#### [Work instructions]
Output nothing but the lines from the first line of the entries to the line with "variance [n q", inclusive, exactly as they read.

Data: Begin

(* Let $(p_{ij})_{i,j\in\{0,1\}}$ be a transition matrix with all $p_{ij}\in(0,1)$ and $p_{ij}\ne\tfrac12$ for some $(i,j)$; for $i\in\{0,1\}$ let $I_n^i\sim B(n,p_{i0})$. Define for $n\ge2$ $$\eta_n^{i,1}=\frac1H\Big(n\log n-\mathbb E\big[I_n^i\log I_n^i+(n-I_n^i)\log(n-I_n^i)\big]\Big)+\pi_{1-i}\frac{H_{1-i}-H_i}{H}n+\frac{H_1-H_0}{(p_{01}+p_{10})H}p_{i0}p_{i1}^{n-1}n,$$ and $\eta_n^{i,2}=n-\eta_n^{i,1}$. Then for both $i\in\{0,1\}$, $\eta_n^{i,2}=O(\log n)$ as $n\to\infty$.
   Context: $0\log0:=0$. $\pi_0=p_{10}/(p_{01}+p_{10})$, $\pi_1=p_{01}/(p_{01}+p_{10})$, $H_i=-\sum_jp_{ij}\log p_{ij}$, $H=\pi_0H_0+\pi_1H_1$. *)

(* concrete reals R, natural logarithm (the base cancels in eta). *)
From Stdlib Require Import Reals.
Open Scope R_scope.

Definition xlogx (x : R) : R := if Req_EM_T x 0 then 0 else x * ln x.

(* A 2-state transition matrix p i j, i j in {0,1} (encoded as nat 0,1). *)
Definition pi_ (p : nat -> nat -> R) (i : nat) : R :=
  if Nat.eqb i 0 then p 1%nat 0%nat / (p 0%nat 1%nat + p 1%nat 0%nat)
  else p 0%nat 1%nat / (p 0%nat 1%nat + p 1%nat 0%nat).

Definition Hrow (p : nat -> nat -> R) (i : nat) : R :=
  - (xlogx (p i 0%nat) + xlogx (p i 1%nat)).

Definition Hent (p : nat -> nat -> R) : R :=
  pi_ p 0 * Hrow p 0 + pi_ p 1 * Hrow p 1.

Definition binom_expect (n : nat) (q : R) (f : nat -> R) : R :=
  sum_f_R0 (fun k => C n k * q ^ k * (1 - q) ^ (n - k) * f k) n.

Definition eta1 (p : nat -> nat -> R) (i n : nat) : R :=
  let H := Hent p in
  (1 / H) * (xlogx (INR n)
     - binom_expect n (p i 0%nat)
         (fun k => xlogx (INR k) + xlogx (INR n - INR k)))
  + pi_ p (1 - i) * (Hrow p (1 - i) - Hrow p i) / H * INR n
  + (Hrow p 1 - Hrow p 0) / ((p 0%nat 1%nat + p 1%nat 0%nat) * H)
      * p i 0%nat * p i 1%nat ^ (n - 1) * INR n.

Definition eta2 (p : nat -> nat -> R) (i n : nat) : R := INR n - eta1 p i n.

From Stdlib Require Import Reals Lra Lia Psatz.
Open Scope R_scope.

(* [eta2] is in fact bounded.  Let [X_n = n log n - E[I log I + (n - I) log (n - I)]]
   with [I ~ B(n, q)].  Gibbs' inequality [a - c <= a log (a / c) <= a^2 / c - a],
   applied to [I] and [n - I] with [c] their means and averaged using the binomial
   variance [n q (1 - q)], gives [n h(q) - 1 <= X_n <= n h(q)].  Since
   [H = H_i + pi_(1-i) (H_(1-i) - H_i)], the linear terms of [eta1] cancel against [n],
   leaving [(n H_i - X_n) / H] plus a constant multiple of [n q (1 - q)^(n-1) <= 1]. *)

Lemma xlogx_eq x : xlogx x = x * ln x.
Proof. unfold xlogx. destruct (Req_EM_T x 0) as [->|]; [ring|reflexivity]. Qed.

Lemma ln_le_sub1 x : 0 < x -> ln x <= x - 1.
Proof. intros Hx. pose proof (exp_ineq1_le (ln x)). rewrite exp_ln in H; lra. Qed.

Lemma xlogx_gibbs_bounds a c : 0 <= a -> 0 < c ->
  a * ln c + (a - c) <= xlogx a <= a * ln c + (a ^ 2 / c - a).
Proof.
intros Ha Hc. rewrite xlogx_eq.
destruct (Req_dec a 0) as [->|Ha0].
{ unfold Rdiv. split; ring_simplify; lra. }
assert (Hup := ln_le_sub1 (a / c) ltac:(apply Rdiv_lt_0_compat; lra)).
assert (Hlo := ln_le_sub1 (c / a) ltac:(apply Rdiv_lt_0_compat; lra)).
unfold Rdiv in Hup, Hlo |- *.
rewrite ln_mult, ln_Rinv in Hup, Hlo by (try apply Rinv_0_lt_compat; lra).
split.
- assert (a * (ln c + - ln a) <= a * (c * / a - 1)) by (apply Rmult_le_compat_l; lra).
  replace (a * (c * / a - 1)) with (c - a) in H by (field; lra). nra.
- assert (a * (ln a + - ln c) <= a * (a * / c - 1)) by (apply Rmult_le_compat_l; lra).
  replace (a * (a * / c - 1)) with (a ^ 2 * / c - a) in H by (field; lra). nra.
Qed.

Lemma binom_expect_ext n q f g : (forall k, (k <= n)%nat -> f k = g k) ->
  binom_expect n q f = binom_expect n q g.
Proof. intros H. unfold binom_expect. apply sum_eq. intros k Hk. rewrite H; auto. Qed.

Lemma binom_expect_plus n q f g :
  binom_expect n q (fun k => f k + g k) = binom_expect n q f + binom_expect n q g.
Proof. unfold binom_expect. rewrite <- sum_plus. apply sum_eq. intros; ring. Qed.

Lemma binom_expect_scal n q a f :
  binom_expect n q (fun k => a * f k) = a * binom_expect n q f.
Proof. unfold binom_expect. rewrite scal_sum. apply sum_eq. intros; ring. Qed.

Lemma binom_expect_const n q c : binom_expect n q (fun _ => c) = c.
Proof.
unfold binom_expect. transitivity ((q + (1 - q)) ^ n * c).
- rewrite binomial, Rmult_comm, scal_sum. apply sum_eq. intros; ring.
- replace (q + (1 - q)) with 1 by ring. rewrite pow1. ring.
Qed.

Lemma binom_expect_le n q f g : 0 <= q <= 1 ->
  (forall k, (k <= n)%nat -> f k <= g k) -> binom_expect n q f <= binom_expect n q g.
Proof.
intros Hq H. unfold binom_expect. apply sum_Rle. intros k Hk.
apply Rmult_le_compat_l; auto.
assert (0 < C n k).
{ unfold C. apply Rdiv_lt_0_compat; [|apply Rmult_lt_0_compat];
  apply lt_0_INR, Factorial.lt_O_fact. }
assert (0 <= q ^ k) by (apply pow_le; lra).
assert (0 <= (1 - q) ^ (n - k)) by (apply pow_le; lra).
apply Rmult_le_pos; [apply Rmult_le_pos|]; lra.
Qed.

Lemma INR_mul_C_succ m i : (i <= m)%nat ->
  INR (S i) * C (S m) (S i) = INR (S m) * C m i.
Proof.
intros Hi. unfold C. replace (S m - S i)%nat with (m - i)%nat by lia.
change (Factorial.fact (S m)) with (S m * Factorial.fact m)%nat.
change (Factorial.fact (S i)) with (S i * Factorial.fact i)%nat.
rewrite !mult_INR.
pose proof (INR_fact_neq_0 i). pose proof (INR_fact_neq_0 (m - i)).
pose proof (lt_0_INR (S i) ltac:(lia)).
field. lra.
Qed.

Lemma binom_expect_INR_mul m q g :
  binom_expect (S m) q (fun k => INR k * g k)
  = INR (S m) * q * binom_expect m q (fun j => g (S j)).
Proof.
unfold binom_expect. rewrite decomp_sum by lia. simpl pred.
rewrite Rmult_assoc, scal_sum. simpl INR at 1.
rewrite !Rmult_0_l, !Rmult_0_r, Rplus_0_l.
apply sum_eq. intros i Hi.
replace (S m - S i)%nat with (m - i)%nat by lia.
transitivity (INR (S i) * C (S m) (S i) * q * q ^ i * (1 - q) ^ (m - i) * g (S i));
  [simpl; ring|].
rewrite INR_mul_C_succ by exact Hi. ring.
Qed.

Lemma binom_expect_INR n q : binom_expect n q (fun k => INR k) = INR n * q.
Proof.
destruct n as [|m]; [unfold binom_expect; simpl; ring|].
rewrite (binom_expect_ext _ _ _ (fun k => INR k * 1)) by (intros; ring).
rewrite binom_expect_INR_mul, binom_expect_const. ring.
Qed.

Lemma binom_expect_INR_sqr n q :
  binom_expect n q (fun k => INR k ^ 2) = (INR n * q) ^ 2 + INR n * q * (1 - q).
Proof.
destruct n as [|m]; [unfold binom_expect; simpl; ring|].
rewrite (binom_expect_ext _ _ _ (fun k => INR k * INR k)) by (intros; ring).
rewrite binom_expect_INR_mul.
rewrite (binom_expect_ext _ _ _ (fun j => INR j + 1)) by (intros; rewrite S_INR; ring).
rewrite binom_expect_plus, binom_expect_INR, binom_expect_const, S_INR. ring.
Qed.

Lemma binom_expect_sub_INR n q :
  binom_expect n q (fun k => INR n - INR k) = INR n * (1 - q).
Proof.
rewrite (binom_expect_ext _ _ _ (fun k => INR n + -1 * INR k)) by (intros; ring).
rewrite binom_expect_plus, binom_expect_scal, binom_expect_INR, binom_expect_const. ring.
Qed.

Lemma binom_expect_sub_INR_sqr n q :
  binom_expect n q (fun k => (INR n - INR k) ^ 2)
  = (INR n * (1 - q)) ^ 2 + INR n * q * (1 - q).
Proof.
rewrite (binom_expect_ext _ _ _
  (fun k => INR n ^ 2 + (-2 * INR n * INR k + INR k ^ 2))) by (intros; ring).
rewrite !binom_expect_plus, binom_expect_scal, binom_expect_INR, binom_expect_INR_sqr,
  binom_expect_const. ring.
Qed.

Lemma binom_expect_xlogx_bounds n q (Y : nat -> R) m v :
  0 <= q <= 1 -> 0 < m -> (forall k, (k <= n)%nat -> 0 <= Y k) ->
  binom_expect n q Y = m -> binom_expect n q (fun k => Y k ^ 2) = m ^ 2 + v ->
  xlogx m <= binom_expect n q (fun k => xlogx (Y k)) <= xlogx m + v / m.
Proof.
intros Hq Hm HY HY1 HY2.
assert (Hlin : forall a b c,
  binom_expect n q (fun k => a * Y k + b * Y k ^ 2 + c) = a * m + b * (m ^ 2 + v) + c).
{ intros a b c.
  rewrite !binom_expect_plus, !binom_expect_scal, binom_expect_const, HY1, HY2. ring. }
rewrite xlogx_eq. split.
- replace (m * ln m) with ((ln m + 1) * m + 0 * (m ^ 2 + v) + - m) by ring.
  rewrite <- Hlin. apply binom_expect_le; [exact Hq|]. intros k Hk.
  pose proof (xlogx_gibbs_bounds (Y k) m (HY k Hk) Hm). lra.
- replace (m * ln m + v / m) with ((ln m - 1) * m + / m * (m ^ 2 + v) + 0)
    by (field; lra).
  rewrite <- Hlin. apply binom_expect_le; [exact Hq|]. intros k Hk.
  pose proof (xlogx_gibbs_bounds (Y k) m (HY k Hk) Hm). unfold Rdiv in H. lra.
Qed.

Definition binary_entropy (q : R) : R := - (xlogx q + xlogx (1 - q)).

Lemma binary_entropy_pos q : 0 < q < 1 -> 0 < binary_entropy q.
Proof.
intros Hq. unfold binary_entropy. rewrite !xlogx_eq.
assert (ln q < 0) by (rewrite <- ln_1; apply ln_increasing; lra).
assert (ln (1 - q) < 0) by (rewrite <- ln_1; apply ln_increasing; lra).
nra.
Qed.

Lemma xlogx_mul_split x q : 0 < x -> 0 < q < 1 ->
  xlogx x = xlogx (x * q) + xlogx (x * (1 - q)) + x * binary_entropy q.
Proof.
intros Hx Hq. unfold binary_entropy. rewrite !xlogx_eq, !ln_mult by lra. ring.
Qed.

Lemma binom_entropy_bounds n q : (0 < n)%nat -> 0 < q < 1 ->
  let X := xlogx (INR n)
           - binom_expect n q (fun k => xlogx (INR k) + xlogx (INR n - INR k)) in
  INR n * binary_entropy q - 1 <= X <= INR n * binary_entropy q.
Proof.
intros Hn Hq X.
assert (Hn' : 0 < INR n) by (apply lt_0_INR; exact Hn).
assert (Hk : forall k, (k <= n)%nat -> 0 <= INR k <= INR n)
  by (intros k Hk; split; [apply pos_INR | apply le_INR; exact Hk]).
assert (Hsucc := binom_expect_xlogx_bounds n q (fun k => INR k) (INR n * q)
  (INR n * q * (1 - q)) ltac:(lra) ltac:(nra) ltac:(intros k Hk'; apply Hk, Hk')
  (binom_expect_INR n q) ltac:(apply binom_expect_INR_sqr)).
assert (Hfail := binom_expect_xlogx_bounds n q (fun k => INR n - INR k) (INR n * (1 - q))
  (INR n * q * (1 - q)) ltac:(lra) ltac:(nra)
  ltac:(intros k Hk'; pose proof (Hk k Hk'); lra)
  (binom_expect_sub_INR n q) ltac:(apply binom_expect_sub_INR_sqr)).
replace (INR n * q * (1 - q) / (INR n * q)) with (1 - q) in Hsucc by (field; lra).
replace (INR n * q * (1 - q) / (INR n * (1 - q))) with q in Hfail by (field; lra).
unfold X. rewrite binom_expect_plus, (xlogx_mul_split (INR n) q Hn' Hq). lra.
Qed.

Lemma INR_mul_pow_pred_le n r : 0 <= r < 1 -> INR n * r ^ (n - 1) * (1 - r) <= 1.
Proof.
intros Hr. destruct n as [|m]; [simpl; lra|].
replace (S m - 1)%nat with m by lia.
induction m as [|m IH]; [simpl; lra|].
assert (Hpow : r ^ S m <= 1) by (rewrite <- (pow1 (S m)); apply pow_incr; lra).
assert (r * (INR (S m) * r ^ m * (1 - r)) <= r) by nra.
rewrite S_INR. simpl pow in *. nra.
Qed.

Lemma bounded_le_mul_ln (u : nat -> R) B :
  (forall n, (1 <= n)%nat -> Rabs (u n) <= B) ->
  exists K N, forall n, (N <= n)%nat -> Rabs (u n) <= K * ln (INR n).
Proof.
intros Hu.
assert (Hln2 : 0 < ln 2) by (rewrite <- ln_1; apply ln_increasing; lra).
assert (HB : 0 <= B) by (eapply Rle_trans; [apply Rabs_pos | apply (Hu 1%nat); lia]).
exists (B / ln 2), 2%nat. intros n Hn.
assert (Hlnn : ln 2 <= ln (INR n)).
{ replace 2 with (INR 2) by (simpl; ring).
  destruct (Nat.eq_dec n 2) as [->|Hne]; [lra|].
  left. apply ln_increasing; [simpl; lra | apply lt_INR; lia]. }
apply Rle_trans with (B / ln 2 * ln 2).
- replace (B / ln 2 * ln 2) with B by (field; lra). apply Hu. lia.
- apply Rmult_le_compat_l; [unfold Rdiv; apply Rmult_le_pos; [|left; apply Rinv_0_lt_compat]|]; lra.
Qed.

Section TwoStateChain.

Variable p : nat -> nat -> R.
Hypothesis hp : forall i j, (i <= 1)%nat -> (j <= 1)%nat -> 0 < p i j < 1.
Hypothesis hrow : forall i, (i <= 1)%nat -> p i 0%nat + p i 1%nat = 1.

Lemma Hrow_binary_entropy i : (i <= 1)%nat -> Hrow p i = binary_entropy (p i 0%nat).
Proof.
intros Hi. unfold Hrow, binary_entropy.
replace (1 - p i 0%nat) with (p i 1%nat) by (pose proof (hrow i Hi); lra). reflexivity.
Qed.

Lemma Hrow_pos i : (i <= 1)%nat -> 0 < Hrow p i.
Proof. intros Hi. rewrite Hrow_binary_entropy by exact Hi. apply binary_entropy_pos, hp; lia. Qed.

Lemma Hent_pos : 0 < Hent p.
Proof.
pose proof (Hrow_pos 0 ltac:(lia)). pose proof (Hrow_pos 1 ltac:(lia)).
pose proof (hp 0 1 ltac:(lia) ltac:(lia)). pose proof (hp 1 0 ltac:(lia) ltac:(lia)).
unfold Hent, pi_. simpl.
assert (0 < p 1%nat 0%nat / (p 0%nat 1%nat + p 1%nat 0%nat)) by (apply Rdiv_lt_0_compat; lra).
assert (0 < p 0%nat 1%nat / (p 0%nat 1%nat + p 1%nat 0%nat)) by (apply Rdiv_lt_0_compat; lra).
nra.
Qed.

Lemma Hent_eq_Hrow_add i : (i <= 1)%nat ->
  Hent p = Hrow p i + pi_ p (1 - i) * (Hrow p (1 - i) - Hrow p i).
Proof.
intros Hi.
pose proof (hp 0 1 ltac:(lia) ltac:(lia)). pose proof (hp 1 0 ltac:(lia) ltac:(lia)).
unfold Hent, pi_. destruct i as [|[|]]; [| | lia]; simpl; field; lra.
Qed.

Lemma eta2_eq i n : (i <= 1)%nat ->
  eta2 p i n =
    (INR n * Hrow p i - (xlogx (INR n)
       - binom_expect n (p i 0%nat) (fun k => xlogx (INR k) + xlogx (INR n - INR k))))
      / Hent p
    - (Hrow p 1 - Hrow p 0) / ((p 0%nat 1%nat + p 1%nat 0%nat) * Hent p)
      * (INR n * p i 1%nat ^ (n - 1) * p i 0%nat).
Proof.
intros Hi.
pose proof Hent_pos. pose proof (Hent_eq_Hrow_add i Hi).
pose proof (hp 0 1 ltac:(lia) ltac:(lia)). pose proof (hp 1 0 ltac:(lia) ltac:(lia)).
unfold eta2, eta1.
set (D := pi_ p (1 - i) * (Hrow p (1 - i) - Hrow p i)) in *.
replace (Hrow p i) with (Hent p - D) by lra.
field. lra.
Qed.

Lemma eta2_bounded i : (i <= 1)%nat ->
  exists B, forall n, (1 <= n)%nat -> Rabs (eta2 p i n) <= B.
Proof.
intros Hi.
set (c := (Hrow p 1 - Hrow p 0) / ((p 0%nat 1%nat + p 1%nat 0%nat) * Hent p)).
exists (1 / Hent p + Rabs c). intros n Hn.
assert (HH := Hent_pos).
assert (Hq : 0 < p i 0%nat < 1) by (apply hp; lia).
assert (Hr : p i 1%nat = 1 - p i 0%nat) by (pose proof (hrow i Hi); lra).
rewrite eta2_eq, Hrow_binary_entropy by exact Hi. fold c.
destruct (binom_entropy_bounds n (p i 0%nat) Hn Hq) as [Xlo Xhi].
set (X := xlogx (INR n) - _) in *.
assert (Hgeom := INR_mul_pow_pred_le n (p i 1%nat) ltac:(lra)).
rewrite Hr in Hgeom |- *.
assert (0 <= INR n * (1 - p i 0%nat) ^ (n - 1))
  by (apply Rmult_le_pos; [apply pos_INR | apply pow_le; lra]).
set (g := INR n * (1 - p i 0%nat) ^ (n - 1) * p i 0%nat) in *.
assert (Hg : 0 <= g <= 1) by (unfold g; split; [nra | lra]).
assert (Ha : 0 <= (INR n * binary_entropy (p i 0%nat) - X) / Hent p <= 1 / Hent p).
{ unfold Rdiv. split.
  - apply Rmult_le_pos; [lra | left; apply Rinv_0_lt_compat; lra].
  - apply Rmult_le_compat_r; [left; apply Rinv_0_lt_compat |]; lra. }
pose proof (Rle_abs c). pose proof (Rabs_pos c).
assert (- c <= Rabs c) by (rewrite <- Rabs_Ropp; apply Rle_abs).
apply Rabs_le. split; nra.
Qed.

End TwoStateChain.

Theorem lemma6p5 (p : nat -> nat -> R)
  (hp : forall i j, (i <= 1)%nat -> (j <= 1)%nat -> 0 < p i j < 1)
  (hrow : forall i, (i <= 1)%nat -> p i 0%nat + p i 1%nat = 1)
  (hnh : exists i j, (i <= 1)%nat /\ (j <= 1)%nat /\ p i j <> 1 / 2) :
  forall i, (i <= 1)%nat ->
    exists (K : R) (N : nat), forall n, (N <= n)%nat ->
      Rabs (eta2 p i n) <= K * ln (INR n).
Proof.
intros i Hi.
destruct (eta2_bounded p hp hrow i Hi) as [B HB].
exact (bounded_le_mul_ln _ B HB).
Qed.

Data: End

#### [Task output]
(* Let $(p_{ij})_{i,j\in\{0,1\}}$ be a transition matrix with all $p_{ij}\in(0,1)$ and $p_{ij}\ne\tfrac12$ for some $(i,j)$; for $i\in\{0,1\}$ let $I_n^i\sim B(n,p_{i0})$. Define for $n\ge2$ $$\eta_n^{i,1}=\frac1H\Big(n\log n-\mathbb E\big[I_n^i\log I_n^i+(n-I_n^i)\log(n-I_n^i)\big]\Big)+\pi_{1-i}\frac{H_{1-i}-H_i}{H}n+\frac{H_1-H_0}{(p_{01}+p_{10})H}p_{i0}p_{i1}^{n-1}n,$$ and $\eta_n^{i,2}=n-\eta_n^{i,1}$. Then for both $i\in\{0,1\}$, $\eta_n^{i,2}=O(\log n)$ as $n\to\infty$.
   Context: $0\log0:=0$. $\pi_0=p_{10}/(p_{01}+p_{10})$, $\pi_1=p_{01}/(p_{01}+p_{10})$, $H_i=-\sum_jp_{ij}\log p_{ij}$, $H=\pi_0H_0+\pi_1H_1$. *)

(* concrete reals R, natural logarithm (the base cancels in eta). *)
From Stdlib Require Import Reals.
Open Scope R_scope.

Definition xlogx (x : R) : R := if Req_EM_T x 0 then 0 else x * ln x.

(* A 2-state transition matrix p i j, i j in {0,1} (encoded as nat 0,1). *)
Definition pi_ (p : nat -> nat -> R) (i : nat) : R :=
  if Nat.eqb i 0 then p 1%nat 0%nat / (p 0%nat 1%nat + p 1%nat 0%nat)
  else p 0%nat 1%nat / (p 0%nat 1%nat + p 1%nat 0%nat).

Definition Hrow (p : nat -> nat -> R) (i : nat) : R :=
  - (xlogx (p i 0%nat) + xlogx (p i 1%nat)).

Definition Hent (p : nat -> nat -> R) : R :=
  pi_ p 0 * Hrow p 0 + pi_ p 1 * Hrow p 1.

Definition binom_expect (n : nat) (q : R) (f : nat -> R) : R :=
  sum_f_R0 (fun k => C n k * q ^ k * (1 - q) ^ (n - k) * f k) n.

Definition eta1 (p : nat -> nat -> R) (i n : nat) : R :=
  let H := Hent p in
  (1 / H) * (xlogx (INR n)
     - binom_expect n (p i 0%nat)
         (fun k => xlogx (INR k) + xlogx (INR n - INR k)))
  + pi_ p (1 - i) * (Hrow p (1 - i) - Hrow p i) / H * INR n
  + (Hrow p 1 - Hrow p 0) / ((p 0%nat 1%nat + p 1%nat 0%nat) * H)
      * p i 0%nat * p i 1%nat ^ (n - 1) * INR n.

Definition eta2 (p : nat -> nat -> R) (i n : nat) : R := INR n - eta1 p i n.

From Stdlib Require Import Reals Lra Lia Psatz.
Open Scope R_scope.

(* [eta2] is in fact bounded.  Let [X_n = n log n - E[I log I + (n - I) log (n - I)]]
   with [I ~ B(n, q)].  Gibbs' inequality [a - c <= a log (a / c) <= a^2 / c - a],
   applied to [I] and [n - I] with [c] their means and averaged using the binomial
   variance [n q (1 - q)], gives [n h(q) - 1 <= X_n <= n h(q)].  Since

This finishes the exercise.